Combs testified that Johnson, Mays and Blair had been seated at a kitchen table, which only had three chairs because the fourth side of the table was pushed up against a window, when the shooting took place. Johnson was positioned across from the window with his back to the living room. Mays and Blair told Combs they looked up and saw White standing behind Johnson with a handgun shortly before they heard the shot.

“They were surprised by hearing the shot,” Combs said.

Combs testified that Mays said White grabbed the top of the chair Johnson was sitting in, moved the chair upward and backward until Johnson fell on the ground, then began patting him down frantically.

Mays called police and reported the crime as an accidental shooting.

“Mr. White did go outside the residence for awhile, but was back in the residence when police arrived,” Combs said.

Combs said Johnson and White were in Jenkins “for the purpose of distributing and selling crack cocaine.” He said Johnson was said to have had “a substantial amount of cash” ranging from $7,000 to $8,000 on him at one time.

“No substantial drugs or money (were) found in the house by police,” said Combs.

Police did find a 9-millimeter handgun hidden under clothing in one of the bedrooms of the trailer. Combs testified that Blair said he saw White bury the gun outside the residence in leaves, remove it and then place it in another location.

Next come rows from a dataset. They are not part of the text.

Lemma sym_unimodular_int (p q x y : R) : isint p -> isint q -> isint x -> isint y ->
  p * x + q * y = 1 -> p * y + q * x = 0 ->
  exists s b, spmx s b 0 0 = p /\ spmx s b 1 0 = q.
Proof.
move=> hp hq hx hy h1 h0.
have u1 : p + q = 1 \/ p + q = -1 by apply: (@int_unit _ (x + y)); rewrite ?rpredD //; nra.
have u2 : p - q = 1 \/ p - q = -1 by apply: (@int_unit _ (x - y)); rewrite ?rpredB //; nra.
case: u1 u2 => e1 [] e2.
- by exists false, false; rewrite !spmxE /= mul1r; split; lra.
- by exists false, true; rewrite !spmxE /= mul1r; split; lra.
- by exists true, true; rewrite !spmxE /= mulN1r; split; lra.
- by exists true, false; rewrite !spmxE /= mulN1r; split; lra.
Qed.

Lemma swap_commute_sym L : L *m Aswap R = Aswap R *m L -> L 1 1 = L 0 0 /\ L 1 0 = L 0 1.
Proof.
move/matrixP => LA; have := LA 0 0; have := LA 0 1.
by rewrite !mulmx2E !mxE /=; split; lra.
Qed.

Lemma unimodular_swap_commute L : L \in unitmx ->
  L \is a mxOver Num.int -> invmx L \is a mxOver Num.int ->
  L *m Aswap R = Aswap R *m L -> exists s b, L = spmx s b.
Proof.
move=> U /mxOverP hL /mxOverP hLi LA.
have LiA : invmx L *m Aswap R = Aswap R *m invmx L.
  have := congr1 (fun K => invmx L *m K *m invmx L) LA.
  by rewrite /= !mulmxA (mulVmx U) mul1mx -[_ *m L *m invmx L]mulmxA (mulmxV U) mulmx1 => ->.
have [L11 L10] := swap_commute_sym LA; have [Li11 Li10] := swap_commute_sym LiA.
have /matrixP LLi := mulmxV U.
have := LLi 0 0; have := LLi 1 0; rewrite !mulmx2E !mxE /= L11 L10 Li10 => h0 h1.
have h0' : L 0 0 * invmx L 0 1 + L 0 1 * invmx L 0 0 = 0 by lra.
have [s [b [e0 e1]]] := sym_unimodular_int (hL 0 0) (hL 0 1) (hLi 0 0) (hLi 0 1) h1 h0'.
exists s, b; have [S11 S01] := spmx_sym s b.
by apply/mx2P; rewrite ?S11 ?S01 ?e0 ?e1 ?L11 ?L10.
Qed.

Lemma intmx_cols L : L *m e1 R \is a mxOver Num.int -> L *m e2 R \is a mxOver Num.int ->
  L \is a mxOver Num.int.
Proof.
move=> /mxOverP h1 /mxOverP h2; apply/mxOverP => i j.
have := h1 i 0; have := h2 i 0; rewrite !mulmx2E !mxE /= !mulr1 !mulr0 addr0 add0r.
by case: (ord2P j) => -> .
Qed.

Lemma inNA_NAform f : inNA f -> NAform f.
Proof.
case: f => v L [U hN]; rewrite /is_affine /= in U.
have cT w : conjb (Aff v L) (Aff w 1%:M) = Aff (L *m w) 1%:M by rewrite conjb_trans.
have hLint : L \is a mxOver Num.int.
  have [/inME [h1 _] /inME [h2 _]] := ((hN _).1 (inM_e1 R), (hN _).1 (inM_e2 R)).
  by rewrite !cT in h1 h2; exact: intmx_cols.
have hLiint : invmx L \is a mxOver Num.int.
  have cTi w : conjb (Aff v L) (Aff (invmx L *m w) 1%:M) = Aff w 1%:M.
    by rewrite cT mulmxA (mulmxV U) mul1mx.
  have := (hN (Aff (invmx L *m e1 R) 1%:M)).2; rewrite cTi => /(_ (inM_e1 R)) /inME [h1 _].
  have := (hN (Aff (invmx L *m e2 R) 1%:M)).2; rewrite cTi => /(_ (inM_e2 R)) /inME [h2 _].
  exact: intmx_cols.
have /inME [hA [c hc]] := (hN _).1 (inM_A R); rewrite conjbE //= in hA hc.
have LAL : L *m Aswap R *m invmx L = Aswap R.
  case: c hc => hc; first by rewrite hc Aswap_spmx.
  have : Aswap R = invmx L *m (L *m Aswap R *m invmx L) *m L.
    by rewrite !mulmxA (mulVmx U) mul1mx -mulmxA (mulVmx U) mulmx1.
  rewrite hc spmxFF mulmx1 (mulVmx U).
  by move/matrixP/(_ 0 0); rewrite !mxE /= => /eqP; rewrite eq_sym oner_eq0.
have [s [b hLs]] : exists s b, L = spmx s b.
  apply: unimodular_swap_commute => //.
  by rewrite -[in RHS]LAL -!mulmxA (mulVmx U) mulmx1.
exists s, b; split => //=.
move/mxOverP: hA => /(_ 0 0); by rewrite LAL mulmx0 addr0 mxBE Aswap_spmx spmx_mulv0 /= expr0 mul1r.
Qed.

Lemma inNAE f : inNA f <-> NAform f.
Proof. by split; [exact: inNA_NAform | exact: NAform_inNA]. Qed.

End Normalizer.

Section Isometry.
Variable R : realType.
Local Notation aff := (aff R).
Implicit Types (f g : aff) (x y w : 'cV[R]_2).

Lemma enormE w : enorm w = Num.sqrt (w 0 0 ^+ 2 + w 1 0 ^+ 2).
Proof.
rewrite /enorm !big_ord_recl big_ord0 addr0.
by have -> : lift ord0 ord0 = 1 :> 'I_2 by apply: val_inj.
Qed.

Lemma enorm_spmx s b w : enorm (spmx s b *m w) = enorm w.
Proof.
rewrite !enormE spmx_mulv0 spmx_mulv1; congr Num.sqrt.
by rewrite !exprMn sqrr_sign !mul1r; case: b; rewrite // addrC.
Qed.

Lemma NAform_isometry f : NAform f -> isometry_star f.
Proof.
move=> hf x y; have U := NAform_affine hf; have [s [b [hL _]]] := hf.
rewrite /odist; congr inf; apply/seteqP; split => r [g hg <-].
- exists (conjb (ainv f) g); first exact: NAform_conjb (NAform_inv hf) hg.
  have -> : app (conjb (ainv f) g) y = app (ainv f) (app g (app f y)).
    by rewrite -{1}(app_ainvK y U) app_conjb //; exact: is_affine_inv.
  by rewrite -(enorm_spmx s b) -hL -app_sub app_ainvKV.
- exists (conjb f g); first exact: NAform_conjb hf hg.
  by rewrite app_conjb // app_sub hL enorm_spmx.
Qed.

End Isometry.

Section OuterAutomorphisms.
Variable R : realType.
Local Notation aff := (aff R).
Local Notation inM := (@inM R).
Local Notation isint x := (x \is a Num.int).
Local Notation trans v := (Aff v 1%:M).
Implicit Types (f g h m : aff) (u v : 'cV[R]_2).

Lemma aminusI_spmx : alin (aminusI R) = spmx true false.
Proof. by apply/mx2P; rewrite !mxE /= expr1 mulN1r. Qed.

Lemma inNA_aminusI : inNA (aminusI R).
Proof.
apply/inNAE; exists true, false; split; first exact: aminusI_spmx.
by rewrite /= !mxE subrr rpred0.
Qed.

Lemma aminusI_not_inner : ~ out_equiv (conjb (aminusI R)) id.
Proof.
case=> g [hg /(_ _ (inM_e1 R))]; have Ug := inM_affine hg.
rewrite !conjb_trans // /is_affine aminusI_spmx ?spmx_unit //.
move: hg => /inME [_ [c ->]] [] /matrixP /(_ 0 0).
by rewrite !spmx_mulv0 !mxE /= expr0 expr1; case: c => /=; lra.
Qed.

“White had been seen with the handgun during his stay,” said Combs.

Jenkins police found a Winchester shell casing. The bullet which killed Johnson was recovered and is being analyzed by a crime lab and Combs said looking at the bullet visually it is consistent with a 9-millimeter. Combs testified that White had a Winchester live round in his pocket.

White declined Combs’s request to take gunshot residue samples and told Combs he hadn’t done anything and didn’t understand why the request was necessary. White also claimed his right to have an attorney present during questioning. A search warrant was later issued to obtain gunshot residue samples from White. Similar samples were also taken from Mays, Blair and David Wyatt, who was also inside the home at the time of the shooting.

Wyat t ’ s late mother owned the home, but Combs said authorities are still not sure who owns the double-wide now.

Letcher District Judge Kevin R. Mullins ruled at last week’s hearing there was enough probable cause to send the case on to the Letcher County Grand Jury for further action. White is still being held in Letcher County Jail without bond.

Combs said White has a “lengthy” criminal history dating back to 1994 in New York. He also has misdemeanor and felony charges in Georgia as well as a prior felony conviction out of Pike County for criminal possession of a forged instrument on March 29, 2010.

White was charged in similar forged instrument case in Letcher County, where he was accused of forging a $497 check at Food City in Whitesburg after presenting a fake Kentucky driver’s license and a fake Social Security card under the name of Jamar Brown on Sept. 23, 2009.

Combs is still investigating the murder case.